A lack of effort by the institution to save the professor can be explained with disturbing ease: it was the rector of the RUG at the time who almost certainly sealed his fate. Johannes Kapteyn, a professor of German language (not to be confused with the astronomer Jacobus Cornelius Kapteyn, the namesake of a RUG institute and a street in Groningen), was appointed rector in September 1940 by the Dutch authorities under pressure from the German authorities – against the recommendation of the Academic Senate at the time.

Shut out

By 1 December 1940, all Jewish public servants – including university employees – had been placed on non-active status. Polak got the phone call on 22 November informing him that while he could keep his title as professor (and his income), he would be relieved of his duties.

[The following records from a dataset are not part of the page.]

(* Consider the 2-node network game with $\pi^M=W_{soc}$, $a_1=a_2=a>0$, $c_1=c_2=c>0$, $b_1,b_2>0$ with $1<b_1/b_2\le 3$, and $f_{12}=\infty$. Then the GNE is unique and is given by $$r^*=\frac{ac(b_2-b_1)}{(b_1+b_2)(b_1b_2+2c^2)+c(b_1^2+b_2^2+4b_1b_2)},\qquad q_1^*=\frac{a-b_1r^*}{2(b_1+c)},\qquad q_2^*=\frac{a+b_2r^*}{2(b_2+c)}.$$ At this GNE, $a-b_1r^*\ge 0$, $a+b_2r^*\ge0$, and $r^*=\frac{b_2q_2^*-b_1q_1^*}{b_1+b_2}$.
   Context: 2-node network game. There are generators $G_1,G_2$. Generator $k$ chooses $q_k\ge 0$ and has profit $\pi^G_k=q_kp_k(q_k+r_k)-c_kq_k^2$, where $p_k(d)=a_k-b_kd$. The market maker chooses $r\in\mathbb{R}$ and sets $r_1=r$, $r_2=-r$, subject to $-q_1\le r\le q_2$ (there is no line limit). Social welfare objective. The market maker maximizes $$W_{soc}(q,r)=\sum_k\Big(\int_0^{q_k+r_k}p_k(w)dw-c_kq_k^2\Big).$$ GNE. A triple $(q_1^*,q_2^*,r^* )$ with $r^*$ feasible given $q^*$ is a GNE if both of the following hold: - each $q_k^*$ maximizes $\pi^G_k$ over $q_k\ge0$, given the other generator's quantity and $r^*$; - $r^*$ maximizes $W_{soc}(q^*,\cdot)$ over the feasible set determined by $q^*$. *)

From Stdlib Require Import Reals Lra.
Open Scope R_scope.

Definition price (a b d : R) : R := a - b * d.

(* Consumer benefit  int_0^d p_k(w) dw  for the affine demand p_k,
   written in closed form: a d - b d^2 / 2. *)
Definition benefit (a b d : R) : R := a * d - b * d ^ 2 / 2.

Definition profitG (a b c q rk : R) : R := q * price a b (q + rk) - c * q ^ 2.

(* Feasible set of the market maker: -q1 <= r <= q2, with r1 = r, r2 = -r
   (no line limit, f12 = infinity). *)
Definition feasible (q1 q2 r : R) : Prop := - q1 <= r /\ r <= q2.

Definition Wsoc (a1 b1 c1 a2 b2 c2 q1 q2 r : R) : R :=
  (benefit a1 b1 (q1 + r) - c1 * q1 ^ 2) + (benefit a2 b2 (q2 + - r) - c2 * q2 ^ 2).

Definition is_GNE (a1 b1 c1 a2 b2 c2 q1 q2 r : R) : Prop :=
  0 <= q1 /\ 0 <= q2 /\ feasible q1 q2 r /\
  (forall q1', 0 <= q1' -> profitG a1 b1 c1 q1' r <= profitG a1 b1 c1 q1 r) /\
  (forall q2', 0 <= q2' -> profitG a2 b2 c2 q2' (- r) <= profitG a2 b2 c2 q2 (- r)) /\
  (forall r', feasible q1 q2 r' ->
     Wsoc a1 b1 c1 a2 b2 c2 q1 q2 r' <= Wsoc a1 b1 c1 a2 b2 c2 q1 q2 r).

(** Both objectives are concave quadratics, so each player's best reply is read off by completing
    the square: generator k produces [(a - b_k r_k) / (2 (b_k + c))] when that is nonnegative and
    nothing otherwise, and the market maker ships [(b2 q2 - b1 q1) / (b1 + b2)], which is always
    feasible.  A corner reply of a generator is incompatible with the market maker's flow, so at any
    GNE all three replies are interior and the GNE solves a 3x3 linear system whose determinant is
    positive.  Its solution has both margins [a - b1 r] and [a + b2 r] positive, hence is a GNE.
    The argument works for all positive [b1], [b2]. *)
From Stdlib Require Import Reals Lra Psatz.
Open Scope R_scope.

Definition best_response (a b c rk : R) : R := (a - b * rk) / (2 * (b + c)).

Definition welfare_flow (b1 b2 q1 q2 : R) : R := (b2 * q2 - b1 * q1) / (b1 + b2).

Definition gne_denom (b1 b2 c : R) : R :=
  (b1 + b2) * (b1 * b2 + 2 * c ^ 2) + c * (b1 ^ 2 + b2 ^ 2 + 4 * b1 * b2).

Definition gne_flow (a b1 b2 c : R) : R := a * c * (b2 - b1) / gne_denom b1 b2 c.

Lemma profitG_complete_square a b c q rk : b + c <> 0 ->
  profitG a b c q rk =
  profitG a b c (best_response a b c rk) rk - (b + c) * (q - best_response a b c rk) ^ 2.
Proof. intros Hbc; unfold profitG, price, best_response; field; exact Hbc. Qed.

Lemma best_response_maximizes a b c rk : 0 < b + c -> 0 <= a - b * rk ->
  0 <= best_response a b c rk /\
  forall q, 0 <= q -> profitG a b c q rk <= profitG a b c (best_response a b c rk) rk.
Proof.
  intros Hbc Hmargin; split.
  - unfold best_response; apply Rmult_le_pos; [lra |].
    apply Rlt_le, Rinv_0_lt_compat; lra.
  - intros q _; rewrite (profitG_complete_square a b c q rk) by lra.
    pose proof (pow2_ge_0 (q - best_response a b c rk)); nra.
Qed.

Lemma profitG_maximizer_kkt a b c q rk : 0 < b -> 0 < c -> 0 <= q ->
  (forall q', 0 <= q' -> profitG a b c q' rk <= profitG a b c q rk) ->
  a - b * rk <= 2 * (b + c) * q /\ q * (2 * (b + c) * q - (a - b * rk)) = 0.
Proof.
  intros Hb Hc Hq Hmax.
  destruct (Rle_or_lt 0 (a - b * rk)) as [Hmargin | Hmargin].
  - destruct (best_response_maximizes a b c rk) as [Hbr _]; [lra | exact Hmargin |].
    specialize (Hmax _ Hbr).
    rewrite (profitG_complete_square a b c q rk) in Hmax by lra.
    assert (Hsq : (q - best_response a b c rk) ^ 2 = 0)
      by (pose proof (pow2_ge_0 (q - best_response a b c rk)); nra).
    assert (Hq_br : q = best_response a b c rk) by nra.
    assert (Hfoc : 2 * (b + c) * q = a - b * rk)
      by (rewrite Hq_br; unfold best_response; field; lra).
    rewrite Hfoc; split; lra.
  - specialize (Hmax 0 (Rle_refl 0)); unfold profitG, price in Hmax.
    assert (Hq0 : q = 0) by nra.
    rewrite Hq0; split; lra.
Qed.

Lemma Wsoc_complete_square a b1 b2 c q1 q2 r : b1 + b2 <> 0 ->
  Wsoc a b1 c a b2 c q1 q2 r =
  Wsoc a b1 c a b2 c q1 q2 (welfare_flow b1 b2 q1 q2)
  - (b1 + b2) / 2 * (r - welfare_flow b1 b2 q1 q2) ^ 2.
Proof. intros Hb; unfold Wsoc, benefit, welfare_flow; field; exact Hb. Qed.

Lemma welfare_flow_feasible b1 b2 q1 q2 : 0 < b1 -> 0 < b2 -> 0 <= q1 -> 0 <= q2 ->
  feasible q1 q2 (welfare_flow b1 b2 q1 q2).
Proof.
  intros Hb1 Hb2 Hq1 Hq2.
  assert (E : welfare_flow b1 b2 q1 q2 * (b1 + b2) = b2 * q2 - b1 * q1)
    by (unfold welfare_flow; field; lra).
  unfold feasible; split; nra.
Qed.

Lemma welfare_flow_maximizes a b1 b2 c q1 q2 r : 0 < b1 + b2 ->
  Wsoc a b1 c a b2 c q1 q2 r <= Wsoc a b1 c a b2 c q1 q2 (welfare_flow b1 b2 q1 q2).
Proof.
  intros Hb; rewrite (Wsoc_complete_square a b1 b2 c q1 q2 r) by lra.
  assert (0 <= (b1 + b2) / 2 * (r - welfare_flow b1 b2 q1 q2) ^ 2)
    by (apply Rmult_le_pos; [lra | apply pow2_ge_0]).
  lra.
Qed.

Lemma Wsoc_maximizer_flow a b1 b2 c q1 q2 r : 0 < b1 -> 0 < b2 -> 0 <= q1 -> 0 <= q2 ->
  (forall r', feasible q1 q2 r' -> Wsoc a b1 c a b2 c q1 q2 r' <= Wsoc a b1 c a b2 c q1 q2 r) ->
  (b1 + b2) * r = b2 * q2 - b1 * q1.
Proof.
  intros Hb1 Hb2 Hq1 Hq2 Hmax.
  specialize (Hmax _ (welfare_flow_feasible b1 b2 q1 q2 Hb1 Hb2 Hq1 Hq2)).
  rewrite (Wsoc_complete_square a b1 b2 c q1 q2 r) in Hmax by lra.
  assert (Hsq : (r - welfare_flow b1 b2 q1 q2) ^ 2 = 0)
    by (pose proof (pow2_ge_0 (r - welfare_flow b1 b2 q1 q2)); nra).
  assert (Hr : r = welfare_flow b1 b2 q1 q2) by nra.
  rewrite Hr; unfold welfare_flow; field; lra.
Qed.

(** If generator [k] sits at the corner [q_k = 0] (so [a <= b_k r_k]), the market maker exports
    to its node, and the other generator would have to over-produce to supply that flow.  Stated
    for generator 1; generator 2 is the case [r := - r]. *)
Lemma corner_supply_excluded a b b' c q' r : 0 < a -> 0 < b -> 0 < b' -> 0 < c -> 0 <= q' ->
  a <= b * r -> (b + b') * r = b' * q' ->
  a + b' * r <= 2 * (b' + c) * q' -> q' * (2 * (b' + c) * q' - (a + b' * r)) = 0 -> False.
Proof.
  intros Ha Hb Hb' Hc Hq' Hcorner Hflow Hge Hcompl.
  assert (Hr : 0 < r) by nra.
  assert (Hq'pos : 0 < q') by nra.
  assert (Hfoc : 2 * (b' + c) * q' = a + b' * r) by nra.
  nra.
Qed.

Lemma is_GNE_first_order a b1 b2 c q1 q2 r : 0 < a -> 0 < b1 -> 0 < b2 -> 0 < c ->
  is_GNE a b1 c a b2 c q1 q2 r ->
  2 * (b1 + c) * q1 = a - b1 * r /\ 2 * (b2 + c) * q2 = a + b2 * r /\
  (b1 + b2) * r = b2 * q2 - b1 * q1.
Proof.
  intros Ha Hb1 Hb2 Hc [Hq1 [Hq2 [_ [Hmax1 [Hmax2 HmaxW]]]]].
  pose proof (Wsoc_maximizer_flow a b1 b2 c q1 q2 r Hb1 Hb2 Hq1 Hq2 HmaxW) as Hflow.
  destruct (profitG_maximizer_kkt a b1 c q1 r Hb1 Hc Hq1 Hmax1) as [Hge1 Hcompl1].
  destruct (profitG_maximizer_kkt a b2 c q2 (- r) Hb2 Hc Hq2 Hmax2) as [Hge2 Hcompl2].
  replace (a - b2 * - r) with (a + b2 * r) in Hge2, Hcompl2 by ring.
  assert (Hfoc1 : 2 * (b1 + c) * q1 = a - b1 * r).
  { destruct (Rmult_integral _ _ Hcompl1) as [Hq1_0 | ]; [| lra].
    exfalso; apply (corner_supply_excluded a b1 b2 c q2 r); try assumption; nra. }
  assert (Hfoc2 : 2 * (b2 + c) * q2 = a + b2 * r).
  { destruct (Rmult_integral _ _ Hcompl2) as [Hq2_0 | ]; [| lra].
    exfalso; apply (corner_supply_excluded a b2 b1 c q1 (- r)); try assumption; nra. }
  repeat split; assumption.
Qed.

Lemma gne_denom_pos b1 b2 c : 0 < b1 -> 0 < b2 -> 0 < c -> 0 < gne_denom b1 b2 c.
Proof.
  intros Hb1 Hb2 Hc; unfold gne_denom.
  assert (0 < b1 * b2) by nra; assert (0 < c ^ 2) by nra;
  assert (0 < b1 ^ 2) by nra; assert (0 < b2 ^ 2) by nra.
  nra.
Qed.

Lemma first_order_flow_eq a b1 b2 c q1 q2 r :
  2 * (b1 + c) * q1 = a - b1 * r -> 2 * (b2 + c) * q2 = a + b2 * r ->
  (b1 + b2) * r = b2 * q2 - b1 * q1 ->
  r * gne_denom b1 b2 c = a * c * (b2 - b1).
Proof.
  intros Hfoc1 Hfoc2 Hflow.
  assert (Id : r * gne_denom b1 b2 c - a * c * (b2 - b1) =
     2 * (b1 + c) * (b2 + c) * ((b1 + b2) * r - (b2 * q2 - b1 * q1))
     + b2 * (b1 + c) * (2 * (b2 + c) * q2 - (a + b2 * r))
     - b1 * (b2 + c) * (2 * (b1 + c) * q1 - (a - b1 * r)))
    by (unfold gne_denom; ring).
  rewrite Hfoc1, Hfoc2, Hflow in Id; lra.
Qed.

Lemma gne_flow_margins a b1 b2 c : 0 < a -> 0 < b1 -> 0 < b2 -> 0 < c ->
  0 < a - b1 * gne_flow a b1 b2 c /\ 0 < a + b2 * gne_flow a b1 b2 c.
Proof.
  intros Ha Hb1 Hb2 Hc; pose proof (gne_denom_pos b1 b2 c Hb1 Hb2 Hc) as HD.
  assert (E1 : a - b1 * gne_flow a b1 b2 c = a * (gne_denom b1 b2 c - b1 * c * (b2 - b1))
                                              / gne_denom b1 b2 c)
    by (unfold gne_flow; field; lra).
  assert (E2 : a + b2 * gne_flow a b1 b2 c = a * (gne_denom b1 b2 c + b2 * c * (b2 - b1))
                                              / gne_denom b1 b2 c)
    by (unfold gne_flow; field; lra).
  assert (Hbase : 0 < (b1 + b2) * (b1 * b2 + 2 * c ^ 2))
    by (apply Rmult_lt_0_compat; [lra | assert (0 < b1 * b2) by nra; nra]).
  assert (Hm1 : 0 < gne_denom b1 b2 c - b1 * c * (b2 - b1)).
  { replace (gne_denom b1 b2 c - b1 * c * (b2 - b1))
      with ((b1 + b2) * (b1 * b2 + 2 * c ^ 2) + c * (2 * b1 ^ 2 + b2 ^ 2 + 3 * b1 * b2))
      by (unfold gne_denom; ring).
    assert (0 < c * (2 * b1 ^ 2 + b2 ^ 2 + 3 * b1 * b2))
      by (apply Rmult_lt_0_compat; [lra | assert (0 < b1 * b2) by nra; nra]).
    lra. }
  assert (Hm2 : 0 < gne_denom b1 b2 c + b2 * c * (b2 - b1)).
  { replace (gne_denom b1 b2 c + b2 * c * (b2 - b1))
      with ((b1 + b2) * (b1 * b2 + 2 * c ^ 2) + c * (b1 ^ 2 + 2 * b2 ^ 2 + 3 * b1 * b2))
      by (unfold gne_denom; ring).
    assert (0 < c * (b1 ^ 2 + 2 * b2 ^ 2 + 3 * b1 * b2))
      by (apply Rmult_lt_0_compat; [lra | assert (0 < b1 * b2) by nra; nra]).
    lra. }
  rewrite E1, E2; split; apply Rdiv_lt_0_compat; nra.
Qed.

Lemma gne_flow_fixed_point a b1 b2 c : 0 < b1 -> 0 < b2 -> 0 < c ->
  gne_flow a b1 b2 c =
  welfare_flow b1 b2 (best_response a b1 c (gne_flow a b1 b2 c))
                     (best_response a b2 c (- gne_flow a b1 b2 c)).
Proof.
  intros Hb1 Hb2 Hc; pose proof (gne_denom_pos b1 b2 c Hb1 Hb2 Hc) as HD.
  unfold gne_denom in HD; unfold welfare_flow, best_response, gne_flow, gne_denom.
  field; repeat split; lra.
Qed.

Lemma is_GNE_of_first_order a b1 b2 c q1 q2 r : 0 < b1 -> 0 < b2 -> 0 < c ->
  0 <= a - b1 * r -> 0 <= a + b2 * r ->
  q1 = best_response a b1 c r -> q2 = best_response a b2 c (- r) ->
  r = welfare_flow b1 b2 q1 q2 ->
  is_GNE a b1 c a b2 c q1 q2 r.
Proof.
  intros Hb1 Hb2 Hc Hm1 Hm2 Hq1def Hq2def Hflow.
  destruct (best_response_maximizes a b1 c r) as [Hq1 Hmax1]; [lra | exact Hm1 |].
  destruct (best_response_maximizes a b2 c (- r)) as [Hq2 Hmax2]; [lra | lra |].
  rewrite <- Hq1def in Hq1, Hmax1; rewrite <- Hq2def in Hq2, Hmax2.
  split; [exact Hq1 |]; split; [exact Hq2 |].
  split; [rewrite Hflow; apply welfare_flow_feasible; assumption |].
  split; [exact Hmax1 |]; split; [exact Hmax2 |].
  intros r' _; rewrite Hflow; apply welfare_flow_maximizes; lra.
Qed.

Theorem mainTheorem4 (a b1 b2 c : R) :
  0 < a -> 0 < c -> 0 < b1 -> 0 < b2 -> 1 < b1 / b2 -> b1 / b2 <= 3 ->
  let r0 := a * c * (b2 - b1) /
            ((b1 + b2) * (b1 * b2 + 2 * c ^ 2) + c * (b1 ^ 2 + b2 ^ 2 + 4 * b1 * b2)) in
  let q10 := (a - b1 * r0) / (2 * (b1 + c)) in
  let q20 := (a + b2 * r0) / (2 * (b2 + c)) in
  is_GNE a b1 c a b2 c q10 q20 r0 /\
  (forall q1 q2 r, is_GNE a b1 c a b2 c q1 q2 r -> q1 = q10 /\ q2 = q20 /\ r = r0) /\
  0 <= a - b1 * r0 /\ 0 <= a + b2 * r0 /\
  r0 = (b2 * q20 - b1 * q10) / (b1 + b2).
Proof.
  intros Ha Hc Hb1 Hb2 _ _ r0 q10 q20.
  change r0 with (gne_flow a b1 b2 c) in q10, q20 |- *.
  destruct (gne_flow_margins a b1 b2 c Ha Hb1 Hb2 Hc) as [Hm1 Hm2].
  assert (Hq20 : q20 = best_response a b2 c (- gne_flow a b1 b2 c))
    by (unfold q20, best_response; f_equal; ring).
  assert (Hflow : gne_flow a b1 b2 c = welfare_flow b1 b2 q10 q20)
    by (rewrite Hq20; exact (gne_flow_fixed_point a b1 b2 c Hb1 Hb2 Hc)).
  split; [| split; [| split; [| split]]]; [| | lra | lra | exact Hflow].
  - apply is_GNE_of_first_order; [lra | lra | lra | lra | lra | reflexivity | exact Hq20 | exact Hflow].
  - intros q1 q2 r HGNE.
    destruct (is_GNE_first_order a b1 b2 c q1 q2 r Ha Hb1 Hb2 Hc HGNE) as [Hfoc1 [Hfoc2 Hfl]].
    pose proof (gne_denom_pos b1 b2 c Hb1 Hb2 Hc) as HD.
    assert (Hr : r = gne_flow a b1 b2 c).
    { unfold gne_flow; apply (Rmult_eq_reg_r (gne_denom b1 b2 c)); [| lra].
      rewrite (first_order_flow_eq a b1 b2 c q1 q2 r Hfoc1 Hfoc2 Hfl); field; lra. }
    unfold q10, q20; rewrite <- Hr, <- Hfoc1, <- Hfoc2.
    split; [| split]; [field | field | reflexivity]; lra.
Qed.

He was no longer allowed to teach, was not invited to faculty council meetings and was not informed of upcoming PhD defences or orations.

Being deprived of his connections to the academic community ‘was more painful to Polak than the average professor’, van Berkel says. ‘He truly came to life when he was before an audience.’ And he did not take that news sitting down. He immediately wrote to the university’s governing board (College van Curatoren) and the leaders of his own Faculty of Arts and Philosophy, referring to the Germans as ‘the enemy’. Polak alleged that the powers-that-be were like a dog ‘on a leash’ that was ultimately held by Germany.

Rector Kapteyn smuggled Polak’s letters out of the faculty in his coat pocket and provided them to the German authorities. Although Kapteyn would later claim that he went to the authorities seeking advice on how to handle the contrarian staff member, the letters were used as grounds to detain Polak, even though Polak was never formally charged with any crime.

Political prisoner

On 15 February, the professor was arrested and brought to a prison in Groningen. On 15 March, Polak was taken to Leeuwarden, where he was held for months. By August, he had been relocated to Sachsenhausen, a concentration camp near Berlin, a facility that primarily held political prisoners. He died on 9 December 1941 from exhaustion, exposure and starvation. He was one of the first Jewish people in the city of Groningen to die in a concentration camp, 75 years ago this week.

It took the university 25 years to publicly acknowledge how Polak’s fate was sealed by his own rector. There was a remembrance ceremony in honour of the late Jewish professor in 1966, when then-rector Eduard Herman s’ Jacob described his predecessor’s actions as part of ‘a shameful period’ in the university’s history.

In 2005, rector Doeko Bosscher stated in no uncertain terms that the university should be ‘deeply ashamed’ of putting Nazi sympathisers into such prominent positions at the RUG – not only Kapteyn, but also his immediate successor, Herman Maximilien de Burlet, who was an NSB member. Bosscher asserted that the university as an institution did too little to free Polak from the hands of the Germans.

Presence

Although Kapteyn’s actions and the rest of the university community’s inaction led to Polak’s detention and eventual death, the professor’s name and likeness have not disappeared from the RUG altogether. His presence in the Harmonie complex is still evident: Ten Voorde became the first professor by special appointment in Philosophy of Criminal Law, provided by the Leo Polak Endowed Chair foundation, in 2014. A conference and Studium Generale lecture were held last year focusing on the late Polak’s legacy.

And in the towering stained-glass of the aula in the Academy Building, Polak is surrounded by his fellow academics on the window pane depicting the modern history of the university. Despite efforts to shut him out of academia in life, Polak is always present at every PhD defence and oration held in the heart of the RUG.

On 20 December at 20:00, a presentation of the book ‘Leo Polak (1880-1941), Filosoof van het vrije denken)’ will be held at the Folkingestraat synagogue. Entrance is free.